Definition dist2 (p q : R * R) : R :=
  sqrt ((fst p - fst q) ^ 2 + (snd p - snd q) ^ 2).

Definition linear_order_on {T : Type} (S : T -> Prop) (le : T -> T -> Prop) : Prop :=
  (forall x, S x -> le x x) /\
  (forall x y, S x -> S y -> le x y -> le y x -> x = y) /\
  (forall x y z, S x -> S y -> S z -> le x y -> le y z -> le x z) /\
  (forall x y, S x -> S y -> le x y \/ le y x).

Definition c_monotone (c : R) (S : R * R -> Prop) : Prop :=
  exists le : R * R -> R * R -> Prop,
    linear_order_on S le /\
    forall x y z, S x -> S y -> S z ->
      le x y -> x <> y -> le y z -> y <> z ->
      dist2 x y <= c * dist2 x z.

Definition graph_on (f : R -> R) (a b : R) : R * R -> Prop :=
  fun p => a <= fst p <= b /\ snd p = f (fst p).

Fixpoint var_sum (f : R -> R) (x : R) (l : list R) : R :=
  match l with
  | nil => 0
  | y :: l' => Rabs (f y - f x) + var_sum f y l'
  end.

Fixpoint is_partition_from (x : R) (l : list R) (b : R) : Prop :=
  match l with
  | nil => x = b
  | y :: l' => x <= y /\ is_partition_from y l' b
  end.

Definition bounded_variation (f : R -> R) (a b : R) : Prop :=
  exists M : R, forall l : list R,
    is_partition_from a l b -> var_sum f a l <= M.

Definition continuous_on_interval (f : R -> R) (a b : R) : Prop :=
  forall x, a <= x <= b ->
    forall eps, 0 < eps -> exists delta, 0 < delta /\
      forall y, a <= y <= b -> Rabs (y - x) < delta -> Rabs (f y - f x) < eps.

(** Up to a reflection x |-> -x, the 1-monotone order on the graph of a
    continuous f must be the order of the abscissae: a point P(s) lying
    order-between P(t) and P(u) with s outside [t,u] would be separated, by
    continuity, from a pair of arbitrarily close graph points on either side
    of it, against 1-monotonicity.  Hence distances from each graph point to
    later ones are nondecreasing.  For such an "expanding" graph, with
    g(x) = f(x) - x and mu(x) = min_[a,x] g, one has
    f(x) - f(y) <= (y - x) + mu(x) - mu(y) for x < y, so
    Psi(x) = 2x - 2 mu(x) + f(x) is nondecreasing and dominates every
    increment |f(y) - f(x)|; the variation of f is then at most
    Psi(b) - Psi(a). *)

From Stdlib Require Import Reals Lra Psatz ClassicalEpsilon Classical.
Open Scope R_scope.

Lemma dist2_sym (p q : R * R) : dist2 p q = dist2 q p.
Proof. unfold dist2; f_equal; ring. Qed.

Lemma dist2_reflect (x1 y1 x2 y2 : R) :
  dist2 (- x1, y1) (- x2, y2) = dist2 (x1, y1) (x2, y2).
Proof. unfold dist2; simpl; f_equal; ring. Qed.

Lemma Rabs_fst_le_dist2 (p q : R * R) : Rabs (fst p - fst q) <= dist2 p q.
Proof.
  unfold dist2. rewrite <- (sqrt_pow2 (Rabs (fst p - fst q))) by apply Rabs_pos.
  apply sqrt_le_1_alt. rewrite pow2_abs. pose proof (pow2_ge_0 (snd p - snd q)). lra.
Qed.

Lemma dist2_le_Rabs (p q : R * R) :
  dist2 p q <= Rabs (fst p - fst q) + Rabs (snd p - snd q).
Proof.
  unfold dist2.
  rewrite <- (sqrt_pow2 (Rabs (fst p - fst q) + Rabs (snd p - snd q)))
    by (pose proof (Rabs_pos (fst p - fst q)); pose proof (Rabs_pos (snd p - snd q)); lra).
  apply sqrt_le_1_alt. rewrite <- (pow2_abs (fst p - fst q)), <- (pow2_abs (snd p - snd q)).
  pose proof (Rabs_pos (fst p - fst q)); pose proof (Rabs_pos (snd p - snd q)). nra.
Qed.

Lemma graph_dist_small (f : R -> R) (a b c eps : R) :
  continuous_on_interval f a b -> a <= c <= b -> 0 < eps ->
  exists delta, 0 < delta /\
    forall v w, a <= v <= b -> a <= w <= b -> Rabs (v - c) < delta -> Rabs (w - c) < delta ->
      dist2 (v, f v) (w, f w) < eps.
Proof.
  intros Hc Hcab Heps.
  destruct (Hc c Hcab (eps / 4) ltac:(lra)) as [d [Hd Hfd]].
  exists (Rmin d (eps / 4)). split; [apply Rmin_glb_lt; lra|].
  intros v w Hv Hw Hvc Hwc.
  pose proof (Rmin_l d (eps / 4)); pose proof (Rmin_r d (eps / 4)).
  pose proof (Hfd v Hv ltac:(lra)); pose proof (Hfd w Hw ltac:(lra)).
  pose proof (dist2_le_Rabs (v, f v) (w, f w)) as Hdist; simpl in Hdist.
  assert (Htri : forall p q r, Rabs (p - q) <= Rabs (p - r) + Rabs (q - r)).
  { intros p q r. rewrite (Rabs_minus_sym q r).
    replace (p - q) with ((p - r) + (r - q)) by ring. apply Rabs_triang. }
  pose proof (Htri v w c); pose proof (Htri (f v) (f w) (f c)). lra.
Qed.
---
- [WHAT YOU ARE ASKED TO DO]: The answer must hold only the lines from the first line of the data through the line bearing "(forall x y z, S", returned exactly.

- [ANSWER]:
Definition dist2 (p q : R * R) : R :=
  sqrt ((fst p - fst q) ^ 2 + (snd p - snd q) ^ 2).

Definition linear_order_on {T : Type} (S : T -> Prop) (le : T -> T -> Prop) : Prop :=
  (forall x, S x -> le x x) /\
  (forall x y, S x -> S y -> le x y -> le y x -> x = y) /\
  (forall x y z, S x -> S y -> S z -> le x y -> le y z -> le x z) /\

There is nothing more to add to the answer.